[HNW] Printing, etc.
Lavolta Press
fran at lavoltapress.com
Thu Aug 30 12:00:30 PDT 2007
Juliann wrote:
> I'm sorry to have this as my first post to this list, but I'm afraid
> I am not understanding why getting something printed/done up for a
> small run for people within the SCA has turned into setting up a
> small publishing company and all of its legalities etc? Is there
> something inherently undesirable about using Lulu.com for printing,
> distribution, ISBN, etc?
If you want to make money, yes, services like Lulu are undesirable. They
raise your unit cost (the cost of producing one copy of the book)
significantly.
The cheapest per-unit costs are offset, if you are producing more than a
few hundred copies. Offset is also the highest-quality printing method.
The next cheapest are POD PRINTERS, who merely print the book and do not
offer extra services. The most expensive are POD PUBLISHERS, such as
Lulu. Profesional publishers never photocopy (not even usually galleys
any more), which is the highest-cost way to get the lowest-quality book.
Yes, the industry calls Lulu a subsidy press. Here are some articles on
subsidy POD presses:
http://gropenassoc.com/blog/?p=7
http://splash.selfpublishing.com/question1.php
The other thing about professional publishing is this: Getting reviews.
Reviewers for any major publication know who everyone is, by publisher
name and, with POD publishers, the ISBNs they provide. Or at least,
where everyone ranks in the industry. Reviewers can tell a major press,
from a university press, from a small press, from a micropress, from a
subsidy press in a minute. Every such publication regularly receives
hundreds or thousands more books than they have review space for, so
they're very eager to weed out books from consideration. The smaller the
press, the less likely they are to review its books. Although subsidy
press books _very_ occasionally get reviewed, generally any subsidy
label is the kiss of death.
Sometimes POD printers and even POD publishers are used for a small run,
sometimes as few as 10 copies or so, of bound galleys or Advance Reading
Copies/ARCs, which these days are about the same thing as a bound galley
with a fancier cover. This is because a handful of extremely influential
industry publications, and the competitors for review space within them,
have upped the standards for bound galleys to the point that what these
publications require is really a finished book--fully edited,
illustrated, and bound in softcover. Whether or not it should have a
special ARC cover that looks almost but not quite like the real book
cover, or instead a white cover, is a matter of intense debate. Because,
these publications also require this essentially finished book to be
submitted three or four months before publication, because they firmly
refuse to review "finished books." In other words, they want a finished
book, but you can't actually submit a finished book or an ARC that could
be mistaken for one.
It may seem like a senseless game to play, but I play it, because the
stakes are high. A review in one of these publications means you sell
thousands more books than you'd sell otherwise. I haven't managed to get
one yet, but hope springs eternal. My books have, however, been
reviewed in a fair number of midsize consumer publications such as
_Threads_, and in more or less academic publications like the British
Costume Society journal; and these publications don't review subsidy
press books either.
POD publishers are considered highly appropriate for hobby books: Family
memoirs, and so on. It's just that publications oriented to reviewing
books intended for sale, don't review hobby books.
Fran
Lavolta Press
http://www.lavoltapress.com
It has really changed the print-on-demand
> industry for people who just want to "put something out there"
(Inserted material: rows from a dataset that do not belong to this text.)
(* Let $X$ be a compact metric space and $f:X\dashrightarrow X$ a continuous open-dense defined map which is good with respect to iterates. 1) If $\hat\mu$ is a positive strong submeasure on $\Gamma_{f,\infty}$ with $(\sigma_f)_*(\hat\mu)=\hat\mu$, then $\mu=(\pi_1)_*(\hat\mu)$ satisfies $f_*(\mu)\ge\mu$. 2) If $0\ne\mu_0\in SM^+(X)$ satisfies $f_*(\mu_0)=\mu_0$, then there exists a non-zero positive Borel measure $\hat\mu_0$ on $\Gamma_{f,\infty}$ with $(\sigma_f)_*(\hat\mu_0)=\hat\mu_0$, $\|\hat\mu_0\|=\|\mu_0\|$ and $(\pi_1)_*(\hat\mu_0)\le\mu_0$. Moreover the set $\{\hat\mu\in SM^+(\Gamma_{f,\infty}):(\pi_1)_*(\hat\mu)\le\mu_0,\ (\sigma_f)_*(\hat\mu)=\hat\mu\}$ has a largest element.
   Context: Positive strong submeasures on a compact metric space $W$ ($SM^+(W)$): sub-linear, bounded, non-decreasing maps $C^0(W)\to\mathbb{R}$, with norm $\|\mu\|$ the least $C$ with $|\mu(\varphi)|\le C\|\varphi\|_{L^\infty}$; $\le$ is pointwise inequality. For continuous $g$, $g_*(\mu)(\varphi)=\mu(\varphi\circ g)$. For a continuous open-dense defined map $f:X\dashrightarrow X$ (continuous on the open dense set $\mathrm{OpenDom}(f)$, $I(f)$ its complement), $f_*(\mu)(\varphi)=\inf\{\mu(\psi):\psi\in C^0(X),\psi\ge E(\varphi\circ f)\}$, where $E(\varphi\circ f)$ equals $\varphi\circ f$ on $\mathrm{OpenDom}(f)$ and $\limsup_{y\in\mathrm{OpenDom}(f),y\to x}\varphi(f(y))$ at other $x$. $f$ is good with respect to iterates if $\Omega_{f,\infty}=\{x\in\mathrm{OpenDom}(f):f^n(x)\notin I(f)\ \forall n\}$ is dense and its complement nowhere dense. $\Gamma_{f,\infty}$ is the closure in $X^{\mathbb{N}}$ (product topology) of $\{(x,f(x),f^2(x),\ldots):x\in\Omega_{f,\infty}\}$, $\sigma_f$ the shift on it and $\pi_1$ the first-coordinate projection. *)

From Stdlib Require Import Reals Lra Lia ClassicalEpsilon.
Open Scope R_scope.



Definition is_lower_bound (S : R -> Prop) (m : R) : Prop := forall r, S r -> m <= r.
Definition is_glb (S : R -> Prop) (m : R) : Prop :=
  is_lower_bound S m /\ forall m', is_lower_bound S m' -> m' <= m.
Definition Rinf (S : R -> Prop) : R := epsilon (inhabits 0) (fun m => is_glb S m).

Definition is_metric {X : Type} (d : X -> X -> R) : Prop :=
  (forall x y, 0 <= d x y) /\ (forall x y, d x y = 0 <-> x = y) /\
  (forall x y, d x y = d y x) /\ (forall x y z, d x z <= d x y + d y z).

Definition seq_compact {X : Type} (d : X -> X -> R) : Prop :=
  forall u : nat -> X, exists (phi : nat -> nat) (l : X),
    (forall n, (phi n < phi (S n))%nat) /\
    forall eps, 0 < eps -> exists N, forall n, (N <= n)%nat -> d (u (phi n)) l < eps.

Definition is_open {X : Type} (d : X -> X -> R) (A : X -> Prop) : Prop :=
  forall x, A x -> exists r, 0 < r /\ forall y, d x y < r -> A y.
Definition is_dense {X : Type} (d : X -> X -> R) (A : X -> Prop) : Prop :=
  forall x eps, 0 < eps -> exists y, A y /\ d x y < eps.
Definition closure {X : Type} (d : X -> X -> R) (A : X -> Prop) (z : X) : Prop :=
  forall eps, 0 < eps -> exists a, A a /\ d z a < eps.
Definition nowhere_dense {X : Type} (d : X -> X -> R) (A : X -> Prop) : Prop :=
  ~ exists x r, 0 < r /\ forall z, d x z < r -> closure d A z.

Definition C0 {X : Type} (d : X -> X -> R) (phi : X -> R) : Prop :=
  forall x eps, 0 < eps -> exists delta, 0 < delta /\
    forall y, d x y < delta -> Rabs (phi x - phi y) < eps.

(* ---------- Continuous open-dense defined maps ----------
   The map is the pair (U, f): U = OpenDom(f) open dense, f continuous on U;
   values of f outside U are irrelevant. I(f) = complement of U. *)
Definition open_dense_map {X : Type} (d : X -> X -> R) (U : X -> Prop) (f : X -> X) : Prop :=
  is_open d U /\ is_dense d U /\
  forall x, U x -> forall eps, 0 < eps -> exists delta, 0 < delta /\
    forall y, U y -> d x y < delta -> d (f x) (f y) < eps.

Definition Omega {X : Type} (U : X -> Prop) (f : X -> X) (x : X) : Prop :=
  U x /\ forall n : nat, U (Nat.iter n f x).

Definition good_iterates {X : Type} (d : X -> X -> R) (U : X -> Prop) (f : X -> X) : Prop :=
  is_dense d (Omega U f) /\ nowhere_dense d (fun x => ~ Omega U f x).

(* Gamma_{f,infty}: closure in X^N (product topology) of the orbits of points of Omega *)
Definition Gamma {X : Type} (d : X -> X -> R) (U : X -> Prop) (f : X -> X) (s : nat -> X) : Prop :=
  forall (N : nat) eps, 0 < eps -> exists x, Omega U f x /\
    forall n, (n <= N)%nat -> d (s n) (Nat.iter n f x) < eps.

Definition GammaT {X : Type} (d : X -> X -> R) (U : X -> Prop) (f : X -> X) : Type :=
  { s : nat -> X | Gamma d U f s }.

Definition C0_Gamma {X : Type} (d : X -> X -> R) (U : X -> Prop) (f : X -> X)
  (phi : GammaT d U f -> R) : Prop :=
  forall s eps, 0 < eps -> exists (N : nat) delta, 0 < delta /\
    forall t : GammaT d U f,
      (forall n, (n <= N)%nat -> d (proj1_sig s n) (proj1_sig t n) < delta) ->
      Rabs (phi s - phi t) < eps.

Lemma iter_succ_r {X : Type} (f : X -> X) (n : nat) (x : X) :
  Nat.iter (S n) f x = Nat.iter n f (f x).
Proof. induction n as [|n IH]; simpl; [reflexivity|]. simpl in IH. rewrite IH. reflexivity. Qed.

Lemma Gamma_shift {X : Type} (d : X -> X -> R) (U : X -> Prop) (f : X -> X) (s : nat -> X) :
  Gamma d U f s -> Gamma d U f (fun n => s (S n)).
Proof.
  intros H N eps Heps. destruct (H (S N) eps Heps) as [x [[Hx Hit] Hd]].
  exists (f x). split.
  - split.
    + apply (Hit 1%nat).
    + intro n. rewrite <- iter_succ_r. apply Hit.
  - intros n Hn. rewrite <- iter_succ_r. apply Hd. lia.
Qed.

Definition sigma_f {X : Type} (d : X -> X -> R) (U : X -> Prop) (f : X -> X)
  (s : GammaT d U f) : GammaT d U f :=
  exist _ (fun n => proj1_sig s (S n)) (Gamma_shift d U f (proj1_sig s) (proj2_sig s)).
Definition pi_1 {X : Type} (d : X -> X -> R) (U : X -> Prop) (f : X -> X)
  (s : GammaT d U f) : X := proj1_sig s O.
> without being a vanity press (no author contributions are required
> towards printing costs, although you do have to pay for an ISBN and
> any optional extra services you may desire).
>
> I can see that if one *wants* to set up a small publishing house that
> is one thing, but if this discussion arose as I think it did over the
> ISBN issue there are certainly other ways around that...Lulu isn't
> alone any more but it comes highly recommended by a number of people
> I know including some who work in book publishing.